Whilst the various devices recorded a range of physiological parameters, with some designed for sports and fitness tracking, patients and clinicians repurposed them to both evaluate symptoms and guide therapies. There was significant variation between clinicians mentioning self-monitoring in their letters, which could reflect different preferences in drawing on and documenting patient-initiated self-monitoring data. Diverse views were voiced in qualitative research and group discussions with some clinicians more willing to interpret and ‘trust’ self-monitoring data than others.

A tangible change that has emerged from the service improvement project is a more generalised understanding and readiness between ICCS clinicians to embrace data from devices providing downloadable single lead ECG traces. Clinicians learnt how these devices were often providing an immediate diagnosis of tachyarrhythmias. Consultant interviewees anticipated this finding whilst highlighting that in some contexts, particularly exercise induced tachyarrhythmias, heart rate alone can provide a useful lead. Device-stored ECG traces enabled firm diagnoses of atrial fibrillation more readily than the diagnosis and subclassification of paroxysmal supraventricular tachycardias (pSVTs), a limitation shared by traditional ambulatory monitoring techniques.
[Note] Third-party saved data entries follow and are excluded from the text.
(* Fix $k\in\mathbb{N}$, positive constants $b_0,b_1,b_2,\lambda_0,\lambda_1$ and $\mu\in(0,1)$. There exists $C>0$ depending only on $b_0,b_1,\lambda_0,\lambda_1,\mu$ (and the fixed $k$) such that the following holds. Let $T\geq10$, $\ell<r$, $a^\pm\in\mathbb{R}^k$, $g:[\ell,r]\to\mathbb{R}$ Lipschitz with $g(\ell)=g(r)=0$, and $P\subset(\ell,\ell+T^{1/2})$ finite (with $P\subset(\ell,r)$). Suppose that $r-\ell\leq b_0T$, $|P|\leq b_0T$, $|g(x)-g(y)|\leq b_1T|x-y|$ for all $x,y$, $a^\pm_j-a^\pm_{j+1}\geq\lambda_0T^{1/2}$ for $j\in\{1,\dots,k-1\}$, $a^-_k-g(\ell)\geq\lambda_1T$, $a^+_k-g(r)\geq\lambda_1T$, $a^-_1-g(\ell)\leq b_2T^2$, $a^+_1-g(r)\leq b_2T^2$. Then $\mathbb{P}_{\mathrm{free}}(\mathsf{H})\geq C^{-1}e^{-CT^{5/2}}$.
   Context: $\mathbb{P}_{\mathrm{free}}$ denotes the law of $k$ independent Brownian bridges (diffusion parameter one) $\mathcal{L}=(\mathcal{L}_1,\dots,\mathcal{L}_k)$ on $[\ell,r]$ with $\mathcal{L}_j(\ell)=a^-_j$, $\mathcal{L}_j(r)=a^+_j$. $\mathsf{H}$ is the event that $\mathcal{L}_j(p)-\mathcal{L}_{j+1}(p)\geq\mu\lambda_0T^{1/2}$ for all $p\in P$ and $j\in\{1,\dots,k-1\}$, and $\mathcal{L}_k(p)-g(p)\geq\mu\lambda_1T$ for all $p\in P$. *)

From HB Require Import structures.
From mathcomp Require Import all_boot all_order all_algebra.
From mathcomp Require Import all_classical all_reals all_analysis.
Set Implicit Arguments. Unset Strict Implicit. Unset Printing Implicit Defensive.
Import Order.TTheory GRing.Theory Num.Theory.
Local Open Scope ring_scope.

Section BB.
Variable R : realType.

Definition heat (t y : R) : R := expR (- (y ^+ 2) / (2 * t)) / Num.sqrt (2 * pi * t).

(* A configuration: x j i = value of curve j (1 <= j <= k) at the i-th point of P. *)
Definition config := nat -> nat -> R.

Definition upd (x : config) (j i : nat) (y : R) : config :=
  fun j' i' => if (j' == j) && (i' == i) then y else x j' i'.

Fixpoint iint (s : seq (nat * nat)) (F : config -> \bar R) (x : config) : \bar R :=
  match s with
  | [::] => F x
  | (j, i) :: s' => (\int[@lebesgue_measure R]_(y in setT) iint s' F (upd x j i y))%E
  end.

Definition tgrid (l r : R) (P : seq R) (i : nat) : R :=
  if i == 0%N then l else if (i <= size P)%N then nth 0 P i.-1 else r.

(* Values of curve j on the grid: a^-_j, x j 0, ..., x j (m-1), a^+_j. *)
Definition xgrid (P : seq R) (am ap : nat -> R) (x : config) (j i : nat) : R :=
  if i == 0%N then am j else if (i <= size P)%N then x j i.-1 else ap j.

(* Finite-dimensional density at the (strictly increasing) times P of a
   Brownian bridge (diffusion parameter 1) on [l,r] from am j to ap j. *)
Definition bridge_density (l r : R) (P : seq R) (am ap : nat -> R) (x : config) (j : nat) : R :=
  (\prod_(i < (size P).+1)
     heat (tgrid l r P i.+1 - tgrid l r P i) (xgrid P am ap x j i.+1 - xgrid P am ap x j i))
  / heat (r - l) (ap j - am j).

Definition eventH (k : nat) (mu lam0 lam1 T : R) (g : R -> R) (P : seq R) (x : config) : bool :=
  all (fun i =>
         all (fun j => mu * lam0 * Num.sqrt T <= x j i - x j.+1 i) (iota 1 k.-1)
         && (mu * lam1 * T <= x k i - g (nth 0 P i)))
      (iota 0 (size P)).

Definition coords (k m : nat) : seq (nat * nat) :=
  flatten [seq [seq (j, i) | i <- iota 0 m] | j <- iota 1 k].

(* P_free(H): law of k independent Brownian bridges on [l,r] from a^- to a^+. *)
Definition Pfree_H (k : nat) (l r : R) (am ap : nat -> R) (mu lam0 lam1 T : R)
  (g : R -> R) (P : seq R) : \bar R :=
  iint (coords k (size P))
    (fun x => (if eventH k mu lam0 lam1 T g P x
               then \prod_(1 <= j < k.+1) bridge_density l r P am ap x j else 0)%:E)
    (fun _ _ => 0).

End BB.

(* The lower bound comes from a tube.  Let [Y_j] be the linear interpolation
   from [a^-_j] to [a^+_j] raised by the tent [b1 T * dist (t, {l, r})], and
   keep curve [j] within [d = eps sqrt T] of [Y_j] at every point of [P].  The
   targets are [lam0 sqrt T] apart and [lam1 T] above [g], which stays below the
   tent, so for small [eps] the tube lies inside [H].  Integrating the bridge
   density one point at a time, completing the square in the Gaussian kernels
   shows that a window of width of order [sqrt dt] around the target at the next
   point carries at least [c exp (-4 (b1 T)^2 dt)] of the remaining mass, the
   exponential paying for the drift of the tent.  With at most [b0 T] points,
   all in [(l, l + sqrt T)], the tube has mass at least
   [c^(k b0 T) exp (-4 k b1^2 T^(5/2))]. *)

From HB Require Import structures.
From mathcomp Require Import all_boot all_order all_algebra.
From mathcomp Require Import all_classical all_reals all_analysis.
From mathcomp Require Import ring lra zify.
Set Implicit Arguments. Unset Strict Implicit. Unset Printing Implicit Defensive.
Import Order.TTheory GRing.Theory Num.Theory.
Local Open Scope ring_scope.
Local Open Scope classical_set_scope.

Section Tube.
Variable R : realType.

Lemma heat_gt0 (t y : R) : 0 < t -> 0 < heat t y.
Proof.
move=> t0; rewrite /heat divr_gt0 ?expR_gt0 // sqrtr_gt0.
by rewrite mulr_gt0 // mulr_gt0 // pi_gt0.
Qed.

Lemma heat_ge0 (t y : R) : 0 <= heat t y.
Proof. by rewrite /heat divr_ge0 ?sqrtr_ge0 // ltW // expR_gt0. Qed.

(* The second factor is the density at [a], at time [t], of the bridge from [0]
   at time [0] to [a + b] at time [t + S]. *)
Lemma heat_mul (t S a b : R) : 0 < t -> 0 < S ->
  heat t a * heat S b =
  heat (t + S) (a + b) * heat (t * S / (t + S)) (a - t * (a + b) / (t + S)).
Proof.
move=> t0 S0; have tS0 : 0 < t + S by rewrite addr_gt0.
have pi0 := pi_gt0 R.
rewrite /heat mulf_div [in RHS]mulf_div -!expRD.
congr (expR _ / _); first by field; rewrite ?lt0r_neq0 ?mulr_gt0.
rewrite -!sqrtrM ?mulr_ge0 ?ltW ?divr_gt0 ?mulr_gt0 //.
by congr Num.sqrt; field; rewrite lt0r_neq0.
Qed.

Lemma heat_ge_near_mean (s t L z : R) :
  0 < s -> s <= t -> 0 <= L -> `|z| <= Num.sqrt s + 2 * L * s ->
  expR (- 1 - 4 * L ^+ 2 * t) / (Num.sqrt (2 * pi) * Num.sqrt s) <= heat s z.
Proof.
move=> s0 st L0 hz; have pi0 := pi_gt0 R.
have ssq : Num.sqrt s ^+ 2 = s by rewrite sqr_sqrtr // ltW.
have hz2 : z ^+ 2 <= 2 * s + 8 * L ^+ 2 * s ^+ 2.
  have ub0 : 0 <= Num.sqrt s + 2 * L * s by apply: le_trans hz.
  move: hz; rewrite ler_norml => /andP [h1 h2].
  have := sqr_ge0 (Num.sqrt s - 2 * L * s); nra.
rewrite /heat [Num.sqrt (2 * pi * s)]sqrtrM; last by rewrite mulr_ge0 // ltW.
apply: ler_wpM2r.
  by rewrite invr_ge0 mulr_ge0 ?sqrtr_ge0.
rewrite ler_expR mulNr.
suff : z ^+ 2 / (2 * s) <= 1 + 4 * L ^+ 2 * t by lra.
rewrite ler_pdivrMr ?mulr_gt0 //.
have : L ^+ 2 * s <= L ^+ 2 * t by rewrite ler_wpM2l ?sqr_ge0.
nra.
Qed.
There were no examples of high risk tachyarrhythmias amongst the 185 consultations examined in detail, perhaps reflecting their relative rarity in an outpatient setting as well as a disinclination expressed by clinicians to draw on unvalidated data sources in clinical contexts pointing to potentially lethal arrhythmias. The limited evidence concerning the accuracy of current commercially available devices for detection of ventricular arrhythmias has been highlighted [6, 19, 20].

Although the number of patients in whom narrow complex tachyarrhythmias (AF or SVTs) were diagnosed directly through self-monitoring was small (just 8 patients) it was notable that a high proportion (5) were referred on for non-pharmacological rhythm control interventions, all but one of whom were diagnosed with wearables. A high intervention rate might be explained by the fact that whilst prevalence of atrial fibrillation increases with age, symptom burden is often higher in younger groups; and the most common supraventricular tachycardia, atrioventricular nodal re-entrant tachycardia has a bimodal age distribution. The 5 patients accessing rhythm control therapies were younger than those managed by rate control. Interestingly, a similar finding, with an increased rate of catheter ablations for AF in patients using wearables compared with non-users has been reported [21]. This may indicate age-related differences in tolerability of tachyarrhythmias (as, like ours, this study also found the median age of wearables users was lower); increased patient awareness of the condition as a result of their wearables’ data; or that clinicians are nudged towards a rhythm control strategy by data from wearables. A need for prospective randomized long term evaluation of the association between wearables and healthcare usage and outcomes has been proposed [21].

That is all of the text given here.